Sempre gostei muito de correr no Centro Histórico de São Paulo. Descobri isso logo na minha primeira São Silvestre, em 2009. Nos trechos em que a prova percorre a região, vem um sentimento de paulistano, de correr na sua cidade natal pelas ruas onde a cidade nasceu. Voltaria a participar de outras provas nos anos seguintes, e sempre fascinado pela arquitetura central das ruas aonde pequeno andei. Quando vi, em fevereiro a Etapa Centro Histórico do Circuito Correr e Caminhar para Viver Bem, corrida gratuita, não pestanejei e fiz logo a inscrição, que acabam rapidamente.

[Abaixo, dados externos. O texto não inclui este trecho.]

(** A species of Q-vector spaces: P[j] with a linear (right) Sigma_j-action.
    (mathcomp's permutation product is left-to-right: (s * t) x = t (s x),
    so the natural actions are right actions.) *)
Record species := Species {
  sp_obj :> nat -> lmodType rat;
  sp_act : forall j, sp_obj j -> 'S_j -> sp_obj j;
  sp_act1 : forall j (p : sp_obj j), sp_act p 1%g = p;
  sp_actM : forall j (p : sp_obj j) (s t : 'S_j),
      sp_act p (s * t)%g = sp_act (sp_act p s) t;
  sp_actlin : forall j (s : 'S_j) (a : rat) (p q : sp_obj j),
      sp_act (a *: p + q) s = a *: sp_act p s + sp_act q s
}.

(** Basis letters of W: (i, false) = x_i (even), (i, true) = dx_i (odd). *)
Definition letter (n : nat) := ('I_n * bool)%type.
(** Basis words of W^{(x)j}: w_1 (x) ... (x) w_j. *)
Definition word (n j : nat) := {ffun 'I_j -> letter n}.

(** P[j] (x) W^{(x)j}, written in the basis of W^{(x)j}. *)
Definition T (P : species) (n j : nat) := {ffun word n j -> P j}.

Definition pt (P : species) n j (w : word n j) (p : P j) : T P n j :=
  [ffun v => if v == w then p else 0].

(** Right action of Sigma_j on words: the factor in position a moves to
    position s a. *)
Definition wact n j (w : word n j) (s : 'S_j) : word n j :=
  [ffun k => w ((s^-1)%g k)].

Definition ksign n j (s : 'S_j) (w : word n j) : rat :=
  (-1) ^+ #|[set ab : 'I_j * 'I_j |
              [&& (ab.1 < ab.2)%N, (w ab.1).2, (w ab.2).2 & (s ab.2 < s ab.1)%N]]|.

(** Generators of the relations defining the Sigma_j-coinvariants
    (diagonal action with Koszul sign): s.(p (x) w) - p (x) w. *)
Definition relgen (P : species) n j (s : 'S_j) (w : word n j) (p : P j)
  : T P n j :=
  ksign s w *: pt (wact w s) (sp_act p s) - pt w p.

(** Membership in the span of the relations (the kernel of the projection
    to coinvariants). *)
Definition inK_j (P : species) n j (c : T P n j) : Prop :=
  exists l : seq ('S_j * word n j * P j),
    c = \sum_(x <- l) relgen x.1.1 x.1.2 x.2.

Definition nodd_before n j (w : word n j) (k : 'I_j) : nat :=
  #|[set l : 'I_j | (l < k)%N && (w l).2]|.
Definition nodd n j (w : word n j) : nat := #|[set l : 'I_j | (w l).2]|.

Definition setodd n j (w : word n j) (k : 'I_j) : word n j :=
  [ffun l => if l == k then ((w k).1, true) else w l].

Definition dT (P : species) n j (c : T P n j) : T P n j :=
  \sum_(w : word n j) \sum_(k < j | ~~ (w k).2)
     ((-1) ^+ nodd_before w k : rat) *: pt (setodd w k) (c w).

(** Representatives: families (c_j)_j with c_j in P[j] (x) W^{(x)j},
    finitely supported (direct sum). *)
Definition Om (P : species) (n : nat) := forall j, T P n j.
Definition finsupp P n (c : Om P n) : Prop :=
  exists N, forall j, (N <= j)%N -> c j = 0.
(** c represents 0 in Omega(PA) = (+)_j (P[j] (x) W^{(x)j})_{Sigma_j}. *)
Definition inK P n (c : Om P n) : Prop := forall j, inK_j (c j).
Definition dOm P n (c : Om P n) : Om P n := fun j => dT (c j).
Definition homog P n (k : nat) (c : Om P n) : Prop :=
  forall j (w : word n j), c j w != 0 -> nodd w = k.

From HB Require Import structures.
From mathcomp Require Import all_boot all_order all_fingroup all_algebra zify.
Set Implicit Arguments. Unset Strict Implicit. Unset Printing Implicit Defensive.
Import GRing.Theory Num.Theory.
Local Open Scope ring_scope.

(* The operator h that turns an odd letter dx_i back into x_i, with the Koszul
   sign of the odd letters in front of it, satisfies d h + h d = j on
   P[j] (x) W^(x)j: every position contributes the identity once (it is made
   odd and back, or even and back), while the two cross terms for a pair of
   distinct positions carry opposite signs.  Since h commutes with the signed
   Sigma_j-action, it preserves the relations defining the coinvariants.
   Dividing by j over Q, a cocycle c of arity j > 0 is d (h c / j) modulo the
   relations; arity 0 vanishes because P[0] = 0, and in degree 0 already
   h c = 0. *)

Lemma card_set_sum (T : finType) (p : pred T) : #|[set x | p x]| = (\sum_x p x)%N.
Proof. by rewrite -sum1dep_card big_mkcond; apply: eq_bigr => x _; case: (p x). Qed.

Section Words.
Variables n j : nat.
Implicit Types (v w : word n j) (k l : 'I_j).

Definition seteven w k : word n j :=
  [ffun l => if l == k then ((w k).1, false) else w l].

Lemma setoddE w k l : setodd w k l = if l == k then ((w k).1, true) else w l.
Proof. by rewrite ffunE. Qed.

Lemma setevenE w k l : seteven w k l = if l == k then ((w k).1, false) else w l.
Proof. by rewrite ffunE. Qed.

Lemma setodd_k w k : (setodd w k k).2. Proof. by rewrite setoddE eqxx. Qed.
Lemma seteven_k w k : ~~ (seteven w k k).2. Proof. by rewrite setevenE eqxx. Qed.

Lemma setodd_ne w k l : l != k -> setodd w k l = w l.
Proof. by rewrite setoddE => /negbTE ->. Qed.
Lemma seteven_ne w k l : l != k -> seteven w k l = w l.
Proof. by rewrite setevenE => /negbTE ->. Qed.

Lemma setodd_id w k : (w k).2 -> setodd w k = w.
Proof.
move=> wk; apply/ffunP=> l; rewrite setoddE; case: eqP => // ->.
by case: (w k) wk => a b /= ->.
Qed.

Lemma seteven_id w k : ~~ (w k).2 -> seteven w k = w.
Proof.
move=> wk; apply/ffunP=> l; rewrite setevenE; case: eqP => // ->.
by case: (w k) wk => a [].
Qed.

Lemma seteven_setodd w k : seteven (setodd w k) k = seteven w k.
Proof. by apply/ffunP=> l; rewrite !setevenE !setoddE eqxx; case: eqP. Qed.

Lemma setodd_seteven w k : setodd (seteven w k) k = setodd w k.
Proof. by apply/ffunP=> l; rewrite !setoddE !setevenE eqxx; case: eqP. Qed.

Lemma seteven_setoddC w k l : k != l ->
  seteven (setodd w l) k = setodd (seteven w k) l.
Proof.
move=> kl; apply/ffunP=> m; rewrite !(setevenE, setoddE).
by repeat (case: eqP => //= ?; subst); rewrite eqxx in kl.
Qed.

Lemma setodd_eq_seteven v w k :
  (~~ (w k).2 && (v == setodd w k)) = ((v k).2 && (w == seteven v k)).
Proof.
apply/andP/andP=> [[wk /eqP ->]|[vk /eqP ->]]; split.
- exact: setodd_k.
- by rewrite seteven_setodd seteven_id.
- exact: seteven_k.
- by rewrite setodd_seteven setodd_id.
Qed.

Lemma count_odd_seteven (Q : pred 'I_j) w k :
  #|[set l | Q l && (w l).2]| =
  (#|[set l | Q l && (seteven w k l).2]| + (Q k && (w k).2))%N.
Proof.
rewrite !card_set_sum (bigD1 k) //= [in RHS](bigD1 k) //= (negbTE (seteven_k w k)).
rewrite andbF add0n addnC; congr (_ + _)%N.
by apply: eq_bigr => l lk; rewrite seteven_ne.
Qed.

Lemma nodd_before_seteven w k l :
  nodd_before w l = (nodd_before (seteven w k) l + ((k < l)%N && (w k).2))%N.
Proof. exact: (count_odd_seteven (fun m => (m < l)%N)). Qed.

Lemma nodd_before_setodd w k l :
  nodd_before (setodd w k) l = (nodd_before (seteven w k) l + (k < l)%N)%N.
Proof. by rewrite (nodd_before_seteven _ k) seteven_setodd setodd_k andbT. Qed.

Lemma nodd_before_seteven_k w k : nodd_before (seteven w k) k = nodd_before w k.
Proof. by rewrite [RHS](nodd_before_seteven w k k) ltnn addn0. Qed.

Lemma nodd_before_setodd_k w k : nodd_before (setodd w k) k = nodd_before w k.
Proof. by rewrite nodd_before_setodd ltnn addn0 nodd_before_seteven_k. Qed.

Lemma nodd_setodd w k : ~~ (w k).2 -> nodd (setodd w k) = (nodd w).+1.
Proof.
move=> wk; have := count_odd_seteven predT (setodd w k) k.
rewrite seteven_setodd seteven_id // setodd_k addn1.
have setT_odd w' : [set l | predT l && (w' l).2] = [set l | (w' l).2].
  by apply/setP=> l; rewrite !in_set.
by rewrite !setT_odd.
Qed.

Lemma wact_perm w (s : 'S_j) k : wact w s (s k) = w k.
Proof. by rewrite ffunE permK. Qed.

Lemma seteven_wact w (s : 'S_j) k : seteven (wact w s) (s k) = wact (seteven w k) s.
Proof.
apply/ffunP=> m; rewrite !ffunE permK.
case: (eqVneq m (s k)) => [->|mk]; first by rewrite permK eqxx.
by case: eqP => // E; move: mk; rewrite -E permKV eqxx.
Qed.

End Words.

Definition sgn (m : nat) : rat := (-1) ^+ m.

Lemma sgnD a b : sgn (a + b) = sgn a * sgn b. Proof. exact: exprD. Qed.
Lemma sgnS a : sgn a.+1 = - sgn a. Proof. by rewrite /sgn exprS mulN1r. Qed.
Lemma sgn_double a : sgn (a + a) = 1.
Proof. by rewrite /sgn addnn -mul2n exprM sqrrN expr1n. Qed.

Definition odd_inversion n j (s : 'S_j) (w : word n j) (a b : 'I_j) : bool :=
  [&& (a < b)%N, (w a).2, (w b).2 & (s b < s a)%N].

Lemma ksignE n j (s : 'S_j) (w : word n j) :
  ksign s w = sgn (\sum_a \sum_b odd_inversion s w a b)%N.
Proof. by rewrite /ksign card_set_sum pair_bigA. Qed.

Section OddInversions.
Variables (n j : nat) (s : 'S_j) (w : word n j) (k : 'I_j).

Let odd_left_above := (\sum_(a < j) [&& (a < k)%N, (w a).2 & (s k < s a)%N])%N.
Let odd_left_below := (\sum_(a < j) [&& (a < k)%N, (w a).2 & (s a < s k)%N])%N.
Let odd_right_below := (\sum_(b < j) [&& (k < b)%N, (w b).2 & (s b < s k)%N])%N.

Lemma nodd_before_split : nodd_before w k = (odd_left_below + odd_left_above)%N.
Proof.
rewrite /nodd_before card_set_sum -big_split /=; apply: eq_bigr => a _.
case: ltnP => //= ak; case: (w a).2 => //=.
case: ltngtP => // /val_inj/perm_inj akE.
by rewrite akE ltnn in ak.
Qed.

Lemma nodd_before_wact :
  nodd_before (wact w s) (s k) = (odd_left_below + odd_right_below)%N.
Proof.
rewrite /nodd_before card_set_sum (reindex_inj (@perm_inj _ s)) -big_split /=.
apply: eq_bigr => a _; rewrite wact_perm; case: (w a).2; rewrite /= ?andbF //.
case: (ltngtP a k) => [||/val_inj ->]; rewrite ?andbT ?andbF ?addn0 ?ltnn //.
Qed.

Lemma odd_inversions_seteven : (w k).2 ->
  (\sum_a \sum_b odd_inversion s w a b =
   \sum_a \sum_b odd_inversion s (seteven w k) a b
   + odd_left_above + odd_right_below)%N.
Proof.
move=> wk.
have split_at_k a b : odd_inversion s w a b =
    (odd_inversion s (seteven w k) a b
     + (if b == k then [&& (a < k)%N, (w a).2 & (s k < s a)%N] : nat else 0)
     + (if a == k then [&& (k < b)%N, (w b).2 & (s b < s k)%N] : nat else 0))%N :> nat.
  rewrite /odd_inversion.
  case: (eqVneq a k) => [->|ak]; case: (eqVneq b k) => [->|bk].
  - by rewrite ltnn.
  - by rewrite (negbTE (seteven_k w k)) wk /= andbF !add0n.
  - by rewrite (negbTE (seteven_k w k)) wk /= !andbF add0n addn0.
  - by rewrite !seteven_ne // !addn0.
under eq_bigr => a _ do under eq_bigr => b _ do rewrite split_at_k.
under eq_bigr => a _ do rewrite !big_split /=.
rewrite !big_split /= [in X in (_ + X)%N]exchange_big /=.
congr (_ + _ + _)%N; apply: eq_bigr => c _.
  by rewrite -big_mkcond big_pred1_eq.
by rewrite -big_mkcond big_pred1_eq.
Qed.

Lemma ksign_seteven : (w k).2 ->
  ksign s w * sgn (nodd_before (wact w s) (s k)) =
  sgn (nodd_before w k) * ksign s (seteven w k).
Proof.
move=> wk; rewrite !ksignE odd_inversions_seteven // nodd_before_wact nodd_before_split.
set N := (\sum_a \sum_b _)%N; rewrite -!sgnD.
have -> : (N + odd_left_above + odd_right_below + (odd_left_below + odd_right_below)
          = odd_left_below + odd_left_above + N + (odd_right_below + odd_right_below))%N.
  by lia.
by rewrite sgnD sgn_double mulr1.
Qed.

End OddInversions.

Lemma scaler_if0 (R : pzRingType) (V : lmodType R) (a : R) (b : bool) (x : V) :
  a *: (if b then x else 0) = if b then a *: x else 0.
Proof. by case: b; rewrite ?scaler0. Qed.

Section Differential.
Variables (P : species) (n j : nat).
Implicit Types (c : T P n j) (v w : word n j) (k l : 'I_j).

Lemma ptZ w (a : rat) (p : P j) : pt w (a *: p) = a *: pt w p.
Proof. by apply/ffunP=> v; rewrite !ffunE; case: ifP; rewrite ?scaler0. Qed.

Lemma dTE c v :
  dT c v = \sum_(k < j | (v k).2) sgn (nodd_before v k) *: c (seteven v k).
Proof.
rewrite /dT sum_ffunE; under eq_bigr => w _ do rewrite sum_ffunE.
rewrite (exchange_big_dep predT) //= [RHS]big_mkcond /=; apply: eq_bigr => k _.
rewrite big_mkcond /=.
under eq_bigr => w _ do
  rewrite !ffunE !scaler_if0 -if_and setodd_eq_seteven.
case: ifP => vk /=; last by rewrite big1 // => w _; rewrite andFb.
rewrite (bigD1 (seteven v k)) //= eqxx big1 ?addr0 ?nodd_before_seteven_k //.
by move=> w /negbTE ->.
Qed.

Definition hT c : T P n j :=
  [ffun v : word n j => \sum_(k < j | ~~ (v k).2) sgn (nodd_before v k) *: c (setodd v k)].

Lemma hT_pt w (p : P j) :
  hT (pt w p) = \sum_(k < j | (w k).2) sgn (nodd_before w k) *: pt (seteven w k) p.
Proof.
apply/ffunP=> v; rewrite !ffunE sum_ffunE big_mkcond [RHS]big_mkcond /=.
apply: eq_bigr => k _; rewrite !ffunE !scaler_if0.
rewrite -!if_and eq_sym setodd_eq_seteven.
by case: ifP => // /andP[_ /eqP ->]; rewrite nodd_before_seteven_k.
Qed.

Lemma dT_is_linear : linear (@dT P n j).
Proof.
move=> a c1 c2; apply/ffunP=> v; rewrite !ffunE !dTE scaler_sumr -big_split /=.
by apply: eq_bigr => k _; rewrite !ffunE scalerDr !scalerA mulrC.
Qed.

Lemma hT_is_linear : linear hT.
Proof.
move=> a c1 c2; apply/ffunP=> v; rewrite !ffunE scaler_sumr -big_split /=.
by apply: eq_bigr => k _; rewrite !ffunE scalerDr !scalerA mulrC.
Qed.

End Differential.

HB.instance Definition _ P n j :=
  GRing.isLinear.Build rat (T P n j) (T P n j) *:%R (@dT P n j) (@dT_is_linear P n j).
HB.instance Definition _ P n j :=
  GRing.isLinear.Build rat (T P n j) (T P n j) *:%R (@hT P n j) (@hT_is_linear P n j).

Section Homotopy.
Variables (P : species) (n j : nat) (c : T P n j).
Implicit Types (v : word n j) (k l : 'I_j).

Let dh_term v k l : P j :=
  if (v k).2 && ~~ (seteven v k l).2 then
    sgn (nodd_before v k + nodd_before (seteven v k) l) *: c (setodd (seteven v k) l)
  else 0.

Let hd_term v k l : P j :=
  if ~~ (v l).2 && (setodd v l k).2 then
    sgn (nodd_before v l + nodd_before (setodd v l) k) *: c (seteven (setodd v l) k)
  else 0.

Let dT_hT_coef v : dT (hT c) v = \sum_k \sum_l dh_term v k l.
Proof.
rewrite dTE big_mkcond; apply: eq_bigr => k _; rewrite /dh_term ffunE.
case: ifP => vk /=; last by rewrite big1.
by rewrite scaler_sumr big_mkcond; apply: eq_bigr => l _; case: ifP; rewrite ?scalerA ?sgnD.
Qed.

Mas por conta do carnaval a prova seria transferida para essa data.

Largada as 7 horas da manhã, e os Malucos do Asfalto madrugaram para ir pra Terra da Garoa. E a trupe foi formada com o Natanael, a Angélica, a Ana Paula e a Ana Lucia, que acabou seguindo no carro da Vanessa, que resolveu de última hora que ia também. Madrugada fria e com um fog londrino na Via Dutra. Chegamos no horário, as 6h30 estacionamos nas imediações da Catedral da Sé, e seguimos o fluxo de corredores apressados rumo ao Vale do Anhangabau, local da largada, onde encontramos minha sobrinha Sefirah, encarregada de pegar os kits da galera.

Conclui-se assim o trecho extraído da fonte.